BRIEF
Scan the material below for every line with the string "setTI", and copy those lines.

DATASET ENTRIES
———

Lemma measure_atom_partition (mu : {measure set T -> \bar R}) n (f : nat -> T -> R)
    (D : set T) :
  (forall i, measurable_fun setT (f i)) -> measurable D ->
  mu D = (\sum_(s : n.-tuple 'I_m.+1) mu (D `&` atom B f s))%E.
Proof.
elim: n f D => [|n IH] f D mf mD.
  by rewrite (big_pred1 [tuple]) ?atom_nil ?setIT // => s; apply/esym/eqP; exact: tuple0.
have mDc c : measurable (D `&` f 0%N @^-1` B c).
  by apply: measurableI => //; exact: measurable_preimage.
have hD : D = \big[setU/set0]_(c < m.+1) (D `&` f 0%N @^-1` B c).
  rewrite -bigcup_mkord_ord; apply/seteqP; split => [w Dw | w [k _ []//]].
  have [c hc] := coverB (f 0%N w).
  by exists (c : nat); rewrite /= ?ltn_ord ?inord_val.
rewrite {1}hD measure_bigsetU_ord //; last first.
  by move=> c c' _ _ [w [[_ h1] [_ h2]]]; exact: disjB h1 h2.
rewrite big_cons_tuple; apply: eq_bigr => c _.
apply: etrans (IH (fun i => f i.+1) _ (fun i => mf i.+1) (mDc c)) _.
by apply: eq_bigr => s _; rewrite atom_cons setIA.
Qed.

End MeasurableAtoms.

Lemma measurable_Mk d (T : measurableType d) (R : realType) (e : nat -> T -> R) k :
  (forall i, measurable_fun setT (e i)) -> measurable_fun setT (Mk e k).
Proof. by move=> me; apply: measurable_realfun.measurable_funM => //; exact: measurable_sum. Qed.

Lemma measurable_dev_ge d (T : measurableType d) (R : realType) (f g : T -> R) (a : R) :
  measurable_fun setT f -> measurable_fun setT g -> measurable [set w | a <= `|f w - g w|].
Proof.
move=> mf mg; rewrite -[X in measurable X]setTI.
apply: (measurable_fun_le measurableT (measurable_cst a)).
exact: measurableT_comp (measurable_realfun.measurable_funB mf mg).
Qed.

Lemma Mk_atom_dist (T : Type) (R : realType) m (B : 'I_m.+1 -> set R)
    (rep : 'I_m.+1 -> R) (K del : R) (e : nat -> T -> R) n (s : n.-tuple 'I_m.+1) w k :
  (forall c x, B c x -> `|x| <= K -> `|x - rep c| <= del) ->
  atom B e s w -> (forall i, `|e i w| <= K) -> (0 < k)%N -> (k <= n)%N ->
  `|Mk e k w - mean_seq (take k (map rep s))| <= del.
Proof.
move=> happrox hs he hk hkn.
have hks : (k <= size (map rep s))%N by rewrite size_map size_tuple.
have hsum : \sum_(y <- take k (map rep s)) y = \sum_(i < k) rep (nth ord0 s i).
  rewrite (big_nth 0) size_take_min (minn_idPl hks) big_mkord; apply: eq_bigr => i _.
  by rewrite nth_take // (nth_map ord0) // size_tuple (leq_trans (ltn_ord i)).
rewrite /Mk /mean_seq size_take_min (minn_idPl hks) hsum -mulrBr -sumrB normrM.
rewrite gtr0_norm ?invr_gt0 ?ltr0n // ler_pdivrMl ?ltr0n //.
apply: (le_trans (ler_norm_sum _ _ _)).
apply: (@le_trans _ _ (\sum_(i < k) del)); last by rewrite sumr_const card_ord mulr_natl.
apply: ler_sum => i _; have hi : (i < n)%N := leq_trans (ltn_ord i) hkn.
by apply: happrox (he i); have := hs (Ordinal hi); rewrite (tnth_nth ord0).
Qed.

Section ExchangeableAtoms.
Context d (T : measurableType d) (R : realType) (P : probability T R) (e : nat -> T -> R).
Hypotheses (me : forall i, measurable_fun setT (e i)) (hex : exchangeable P e).
Variables (m : nat) (B : 'I_m.+1 -> set R).
Hypothesis mB : forall c, measurable (B c).

Lemma exchangeable_atom_perm n (s s' : n.-tuple 'I_m.+1) :
  perm_eq s s' -> P (atom B e s) = P (atom B e s').
Proof.
move=> /tuple_permP[sg hs].
have hs' : s = [tuple tnth s' (sg i) | i < n] by apply: val_inj.
rewrite -(hex sg (fun i => mB (tnth s i))); congr (P _); apply/seteqP; split => w /= h.
- by move=> j; have := h (sg^-1 j)%g; rewrite hs' tnth_mktuple permKV.
- by move=> i; rewrite hs' tnth_mktuple; exact: h.
Qed.

Definition atom_weight n (s : n.-tuple 'I_m.+1) : R := fine (P (atom B e s)).

Lemma atom_weightE n (s : n.-tuple 'I_m.+1) : P (atom B e s) = (atom_weight s)%:E.
Proof. by rewrite fineK // fin_num_measure //; exact: measurable_atom. Qed.

Lemma atom_weight_ge0 n (s : n.-tuple 'I_m.+1) : 0 <= atom_weight s.
Proof. exact: fine_ge0. Qed.

Lemma perm_invariant_atom_weight n : perm_invariant (@atom_weight n).
Proof. by move=> s s' hs; rewrite /atom_weight (exchangeable_atom_perm hs). Qed.

Hypotheses (coverB : forall x, exists c, B c x)
  (disjB : forall c c' x, B c x -> B c' x -> c = c').

Lemma sum_atom_weight n : \sum_(s : n.-tuple 'I_m.+1) atom_weight s = 1.
Proof.
have : P setT = (\sum_(s : n.-tuple 'I_m.+1) P (setT `&` atom B e s))%E
  := measure_atom_partition mB coverB disjB P n me measurableT.
by rewrite probability_setT; under eq_bigr do rewrite setTI atom_weightE; rewrite sumEFin => -[].
Qed.

Variables (rep : 'I_m.+1 -> R) (K del : R).
Hypotheses (hK : 0 < K) (hrep : forall c, `|rep c| <= K)
  (happrox : forall c x, B c x -> `|x| <= K -> `|x - rep c| <= del)
  (hbound : forall i, {ae P, forall w, `|e i w| <= K}).

Lemma measure_dev_atom_le (eps : R) l n (s : n.-tuple 'I_m.+1) :
  4 * del <= eps -> (0 < l)%N -> (l < n)%N ->
  (P ([set w | (eps <= `|Mk e n w - Mk e l w|)%R] `&` atom B e s) <=
   (atom_weight s *
    (eps / 2 <= `|mean_seq (map rep s) - mean_seq (take l (map rep s))|)%R%:R)%:E)%E.
Proof.
move=> hdel hl hln; set dev := `|_ - _|.
have mA : measurable (atom B e s) by exact: measurable_atom.
have mEA : measurable ([set w | (eps <= `|Mk e n w - Mk e l w|)%R] `&` atom B e s).
  by apply: measurableI => //; apply: measurable_dev_ge; exact: measurable_Mk.
case: (lerP (eps / 2) dev) => [_|hdev] /=.
  by rewrite mulr1 -atom_weightE le_measure ?inE.
(* Off a null set, the empirical means on the atom are del-close to the grid means, so
   the event forces a grid deviation of at least eps - 2 del >= eps / 2. *)
have [N [mN PN0 hN]] := ae_foralln hbound.
rewrite mulr0 (subset_measure0 mEA mN _ PN0) // => w [/= hw hs].
apply: contrapT => hNw; have heK : forall i, `|e i w| <= K.
  by apply: contrapT => hc; apply: hNw; exact: hN.
have hn := Mk_atom_dist happrox hs heK (leq_ltn_trans (leq0n _) hln) (leqnn n).
have hl' := Mk_atom_dist happrox hs heK hl (ltnW hln).
rewrite take_oversize ?size_map ?size_tuple // in hn.
move: hn hl' hw hdev; rewrite /dev; set a := Mk e n w; set b := Mk e l w.
set x := mean_seq _; set y := mean_seq _ => hn hl' hw hdev.
have : `|a - b| <= `|x - y| + `|a - x| + `|b - y|.
  rewrite (_ : a - b = (x - y) + (a - x) - (b - y)); last by ring.
  by apply: (le_trans (ler_normB _ _)); rewrite lerD2r ler_normD.
lra.
Qed.

Lemma exchangeable_Mk_dev_le (eps : R) l n :
  0 < eps -> 4 * del <= eps -> eps <= 8 * K -> (0 < l)%N -> (l < n)%N ->
  (P [set w | (eps <= `|Mk e n w - Mk e l w|)%R] <=
   (2 * expR (- (hoeffding_rate K (eps / 2) * l%:R)))%:E)%E.
Proof.
move=> heps hdel hepsK hl hln.
have mE : measurable [set w | eps <= `|Mk e n w - Mk e l w|].
  by apply: measurable_dev_ge; exact: measurable_Mk.
have -> : P [set w | eps <= `|Mk e n w - Mk e l w|] =
    (\sum_(s : n.-tuple 'I_m.+1) P ([set w | (eps <= `|Mk e n w - Mk e l w|)%R] `&` atom B e s))%E
  := measure_atom_partition mB coverB disjB P n me mE.
apply: (@le_trans _ _ (\sum_(s : n.-tuple 'I_m.+1) (atom_weight s *
    (eps / 2 <= `|mean_seq (map rep s) - mean_seq (take l (map rep s))|)%R%:R)%:E)%E).
  by apply: lee_sum => s _; exact: measure_dev_atom_le.
rewrite sumEFin lee_fin.
have := tail_mean_take_le hK hrep (p := @atom_weight n) (eps := eps / 2) _ _ hl (ltnW hln)
  (@atom_weight_ge0 n) (@perm_invariant_atom_weight n).
by rewrite sum_atom_weight mulr1; apply; lra.
Qed.

End ExchangeableAtoms.

Lemma exchangeable_Mk_dev_bound d (T : measurableType d) (R : realType)
    (P : probability T R) (e : nat -> T -> R) (K eps : R) l n :
  (forall i, measurable_fun setT (e i)) -> exchangeable P e ->
  (forall i, {ae P, forall w, `|e i w| <= K}) ->
  0 < K -> 0 < eps -> eps <= 8 * K -> (0 < l)%N -> (l < n)%N ->
  (P [set w | (eps <= `|Mk e n w - Mk e l w|)%R] <=
   (2 * expR (- (hoeffding_rate K (eps / 2) * l%:R)))%:E)%E.
Proof.
move=> me hex hbound hK heps hepsK hl hln.
have hdel : 0 < eps / 4 by rewrite divr_gt0.
have coverB x : exists c, grid_cell (K:=K) (del:=eps / 4) c x.
  by exists (grid_index K (eps / 4) x); exact: grid_cell_index.
apply: (exchangeable_Mk_dev_le me hex (@measurable_grid_cell _ K (eps / 4)) coverB
  (@grid_cell_inj _ K _ hdel) hK (norm_grid_point_le hK hdel) (grid_cell_dist hK hdel) hbound)
  => //.
by rewrite mulrC divfK.
Qed.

———

RESULT
move=> mf mg; rewrite -[X in measurable X]setTI.
by rewrite probability_setT; under eq_bigr do rewrite setTI atom_weightE; rewrite sumEFin => -[].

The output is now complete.